O prédio sobre o qual se construiria
a torre encontra-se abandonado há
anos, deteriorado e enfeiando a av.
Paulista. O projeto foi bem recebido
por arquitetos, entidades e personalidades que enxergam nele atração que
existe em muitas grandes cidades do
mundo e confirmam o interesse das
pessoas em sua visitação.
O Masp conseguiu patrocínio privado que lhe permitiu adquirir o prédio, garantir sua adaptação para uma
escola de arte, abrangendo vários
campos de atividade em nível de pós-graduação, área na qual o país é carente. Tudo sem apelar seja para incentivos da Lei Rouanet ou para desconto
no Imposto de Renda.
Não há exemplo de doação de tal
vulto para área cultural por entidades
privadas.

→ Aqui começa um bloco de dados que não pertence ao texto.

Definition ords m (s : seq nat) : seq 'I_m := pmap (insub_eq _) s.

(* A certificate [(ks, perm)]: mutate the table at the vertices [ks] in turn,
   then let new vertex [i] be old vertex [nth i perm i]. *)
Definition certifies n m (inD : pred ('I_n * 'I_n)) (edge : rel 'I_m)
    (c : seq nat * seq nat) : bool :=
  let: (ks, perm) := c in
  let P := @ords m perm in
  [&& size (marked_seq inD) == m, uniq P, size P == m &
      has_underlying_graphb edge
        (relabel_seq P (table (mutate_table (marked_table inD) (@ords m ks))))].

Lemma certifies_mut_equiv n m (D : {set 'I_n * 'I_n}) (edge : rel 'I_m) c :
  certifies [in D] edge c ->
  exists e, has_underlying_graph edge e /\ mut_equiv (tau_quiver D) (Quiver e).
Proof.
case: c => ks perm /and4P[/eqP size_marked P_uniq /eqP size_P /has_underlying_graphP graph_e].
eexists; split; first exact: graph_e.
apply: me_trans (tau_quiver_mut_equiv_table size_marked) _.
apply: me_trans (mut_equiv_mutate_table _ _) _.
exact: mut_equiv_relabel_seq.
Qed.

Definition diagonals n : seq ('I_n * 'I_n) :=
  [seq p <- ord_pairs n | (val p.1 < val p.2)%N && is_diag p.1 p.2].

Definition triangulationb n (inD : pred ('I_n * 'I_n)) : bool :=
  all (fun p => all (fun q => ~~ [&& inD p, inD q & crossing p q]) (ord_pairs n))
      (ord_pairs n) &&
  all (fun p => inD p || has (fun q => inD q && crossing p q) (ord_pairs n)) (diagonals n).

Lemma triangulation_triangulationb n (D : {set 'I_n * 'I_n}) :
  triangulation D -> triangulationb [in D].
Proof.
case=> _ D_noncrossing D_maximal; apply/andP; split; apply/allP => p.
  move=> _; apply/allP => q _; apply/negP => /and3P[pD qD].
  exact/negP/D_noncrossing.
case: p => a b; rewrite mem_filter => /andP[/andP[ab_lt ab_diag] _] /=.
have [//|abD] := boolP ((a, b) \in D).
have [q qD abq] := D_maximal a b ab_lt ab_diag abD.
by apply/hasP; exists q; rewrite ?mem_ord_pairs ?qD.
Qed.

(* [S] is let-bound so that [vm_compute] evaluates [diagonals n] only once. *)
Definition pred_of_bits n (bs : seq bool) : pred ('I_n * 'I_n) :=
  let S := diagonals n in fun p => nth false bs (index p S).

Definition bits_of_set n (D : {set 'I_n * 'I_n}) : seq bool :=
  [seq p \in D | p <- diagonals n].

Lemma triangulation_bits n (D : {set 'I_n * 'I_n}) :
  triangulation D -> [in D] = @pred_of_bits n (bits_of_set D).
Proof.
case=> D_diag _ _; apply: functional_extensionality => p; rewrite /pred_of_bits /bits_of_set.
have [p_diag|p_diagN] := boolP (p \in diagonals n).
  by rewrite (nth_map p) ?index_mem // nth_index.
rewrite nth_default ?size_map ?memNindex //.
by apply/negbTE; apply: contra p_diagN => pD; rewrite mem_filter D_diag ?mem_ord_pairs.
Qed.

Fixpoint bool_seqs k : seq (seq bool) :=
  if k is k'.+1 then [seq b :: bs | b <- [:: true; false], bs <- bool_seqs k']
  else [:: [::]].

Lemma mem_bool_seqs bs : bs \in bool_seqs (size bs).
Proof. by elim: bs => [|b bs IH] //=; case: b; rewrite !mem_cat (map_f _ IH) ?orbT. Qed.

Definition triangulation_codes n : seq (seq bool) :=
  [seq bs <- bool_seqs (size (diagonals n)) | triangulationb (@pred_of_bits n bs)].

Lemma triangulations_certified n m (edge : rel 'I_m) (certs : seq (seq nat * seq nat)) :
  all (fun bs => has (certifies (@pred_of_bits n bs) edge) certs) (triangulation_codes n) ->
  forall D : {set 'I_n * 'I_n}, triangulation D ->
  exists e, has_underlying_graph edge e /\ mut_equiv (tau_quiver D) (Quiver e).
Proof.
move=> /allP certified D D_tri.
have := certified (bits_of_set D).
rewrite mem_filter -(size_map [in D]) mem_bool_seqs -(triangulation_bits D_tri).
rewrite triangulation_triangulationb // => /(_ isT)/hasP[c _].
exact: certifies_mut_equiv.
Qed.

(* Found by a breadth-first search over mutation sequences; the two
   triangulations of the square share their certificate. *)
Definition D4_certificates : seq (seq nat * seq nat) := [:: ([:: 0; 2], [:: 2; 0; 1; 3])]%N.

Definition E7_certificates : seq (seq nat * seq nat) :=
  [:: ([:: 0; 3; 4; 2; 6], [:: 5; 3; 6; 2; 4; 0; 1]);
      ([:: 0; 4; 5; 2; 6], [:: 3; 4; 6; 2; 5; 0; 1]);
      ([:: 0; 3; 4; 1; 6], [:: 5; 3; 6; 4; 1; 2; 0]);
      ([:: 0; 4; 3; 1; 5], [:: 6; 4; 5; 1; 3; 0; 2]);
      ([:: 0; 5; 6; 2; 4], [:: 3; 5; 4; 2; 6; 0; 1])]%N.

Theorem mainTheorem12 :
  (forall D : {set 'I_4 * 'I_4}, triangulation D ->
     exists e : 'I_4 -> 'I_4 -> int,
       has_underlying_graph D4_edge e /\ mut_equiv (tau_quiver D) (Quiver e)) /\
  (forall D : {set 'I_5 * 'I_5}, triangulation D ->
     exists e : 'I_7 -> 'I_7 -> int,
       has_underlying_graph E7_edge e /\ mut_equiv (tau_quiver D) (Quiver e)).
Proof.
split.
- by apply: (triangulations_certified (certs := D4_certificates)); vm_compute.
- by apply: (triangulations_certified (certs := E7_certificates)); vm_compute.
Qed.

A única contrapartida pleiteada pelos doadores seria a vinculação do nome da empresa ao empreendimento por período de dez anos.
Assinalava, no artigo, que a prevalecer o veto do Conpresp, o Masp teria
de devolver os recursos obtidos, perdendo a única oportunidade de crescimento e ampliação.
A apelação apresentada ao próprio
Conpresp não foi aceita, obrigando o
Masp a entrar na Justiça para fazer
prevalecer o que consideramos nosso
direito. Na petição, feita pelo escritório do jurista Ives Gandra Martins, há
a citação de trecho do manifesto publicado em 1887 no jornal "Le
Temps", de Paris, sob o título "Protestation contre la tour de M. Eiffel", que
vou me permitir transcrever a seguir
em tradução livre.
"Nós, escritores, pintores, escultores, arquitetos amadores apaixonados pela beleza até aqui intacta de Paris, vimos protestar com todas as nossas forças, com toda a nossa indignação, em nome do bom gosto francês,
ao qual não se está fazendo justiça, em
nome da arte e da história francesa
ameaçadas, contra a ereção, em pleno
coração de nossa capital, da inútil e
monstruosa torre Eiffel, que a língua
ferina do povo, freqüentemente impregnada de bom senso e de espírito
de justiça, já batizou de torre de Babel. A cidade de Paris vai associar-se,
por período tão longo, às bizarras e
mercantilistas idéias de um construtor de máquinas, para se enfeiar irreparavelmente e se desonrar?
"É suficiente, ademais, para que se
renda conta do que antevemos, imaginar um instante uma torre vertiginosamente ridícula, dominando Paris, como uma negra e gigantesca chaminé de usina, humilhando com seu
vulto bárbaro todos os nossos monumentos, amesquinhando toda nossa
arquitetura, fazendo-os desaparecer.
"Desse sonho absurdo, e durante
20 anos [quando se previa desmontar
a torre], veremos se alongar sobre a
cidade inteira, na qual freme o gênio
de tantos séculos , como uma mancha
de tinta, odiosa coluna de ferros aparafusados."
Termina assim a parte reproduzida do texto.